Lemma cv_mv n M v : cv n (mv n M v) = mx n M *m cv n v.
Proof. by apply/matrixP => i j; rewrite !mxE /mv rsum_big; apply: eq_bigr => k _; rewrite !mxE. Qed.

Lemma skip_bump i k : skip i k = bump i k.
Proof.
rewrite /skip /bump; case: (Nat.ltb_spec k i) => H.
- by have -> : (i <= k)%N = false by apply/negbTE; rewrite -ltnNge; apply/ltP.
- by have -> : (i <= k)%N = true by apply/leP.
Qed.

Lemma mx_minor m (M : mat) (i j : 'I_m.+1) :
  row' i (col' j (mx m.+1 M)) = mx m (minor M i j).
Proof. by apply/matrixP => a b; rewrite !mxE /minor !skip_bump. Qed.

Lemma det_mx n M : det n M = \det (mx n M).
Proof.
elim: n M => [|m IH] M; first by rewrite det_mx00.
cbn [det]; rewrite (expand_det_row _ ord0) rsum_big; apply: eq_bigr => j _.
rewrite /cofactor mx_minor -IH !mxE /= add0n RpowE; Rops_to_ring.
by rewrite mulrCA mulrA.
Qed.

Lemma mx_adj n M : mx n (adj n M) = \adj (mx n M).
Proof.
case: n => [|m]; first by apply/matrixP => [[]].
apply/matrixP => i j; rewrite !mxE /cofactor /adj /= mx_minor -det_mx RpowE addnC.
by Rops_to_ring.
Qed.

Lemma mx_inv n M : det n M <> 0 -> mx n (inv n M) = invmx (mx n M).
Proof.
move=> H; rewrite /invmx unitmxE unitfE -det_mx.
have -> : (det n M != 0) = true by apply/eqP.
apply/matrixP => i j; move/matrixP: (mx_adj n M) => /(_ i j).
by rewrite !mxE /inv => <-; Rops_to_ring; rewrite mulrC.
Qed.

Lemma det_transp n X : det n (transp X) = det n X.
Proof. by rewrite !det_mx mx_transp det_tr. Qed.

Lemma mx_madd n X Y : mx n (madd X Y) = mx n X + mx n Y.
Proof. by apply/matrixP => i j; rewrite !mxE. Qed.

Lemma mx_mopp n X : mx n (mopp X) = - mx n X.
Proof. by apply/matrixP => i j; rewrite !mxE. Qed.

Lemma mx_sym n X : (forall i j, (i < n)%N -> (j < n)%N -> X i j = X j i) -> (mx n X)^T = mx n X.
Proof. by move=> H; apply/matrixP => i j; rewrite !mxE H. Qed.

Definition replace_row (X : mat) (k : nat) (Y : mat) : mat :=
  fun i j => if Nat.eqb i k then Y i j else X i j.

Lemma det_replace_row n X k Y : (k < n)%N ->
  det n (replace_row X k Y) = rsum n (fun j => Rmult (Y k j) (adj n X j k)).
Proof.
move=> hk; rewrite det_mx (expand_det_row _ (Ordinal hk)) rsum_big.
apply: eq_bigr => j _; rewrite mxE /replace_row Nat.eqb_refl; congr (_ * _).
move/matrixP: (mx_adj n X) => /(_ j (Ordinal hk)); rewrite mxE => ->.
rewrite mxE /cofactor; congr (_ * \det _); apply/matrixP => a b; rewrite !mxE /replace_row.
case: (Nat.eqb_spec (lift (Ordinal hk) a) k) => // E.
by case/eqP: (neq_lift (Ordinal hk) a); apply: val_inj.
Qed.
§ §
** What is being asked **
The lines from the start of the entries above through the line containing "row' i (col'" are the ones to return, please; copy them exactly and include both ends.

** Answer for the task **
Lemma cv_mv n M v : cv n (mv n M v) = mx n M *m cv n v.
Proof. by apply/matrixP => i j; rewrite !mxE /mv rsum_big; apply: eq_bigr => k _; rewrite !mxE. Qed.

Lemma skip_bump i k : skip i k = bump i k.
Proof.
rewrite /skip /bump; case: (Nat.ltb_spec k i) => H.
- by have -> : (i <= k)%N = false by apply/negbTE; rewrite -ltnNge; apply/ltP.
- by have -> : (i <= k)%N = true by apply/leP.
Qed.

Lemma mx_minor m (M : mat) (i j : 'I_m.+1) :
  row' i (col' j (mx m.+1 M)) = mx m (minor M i j).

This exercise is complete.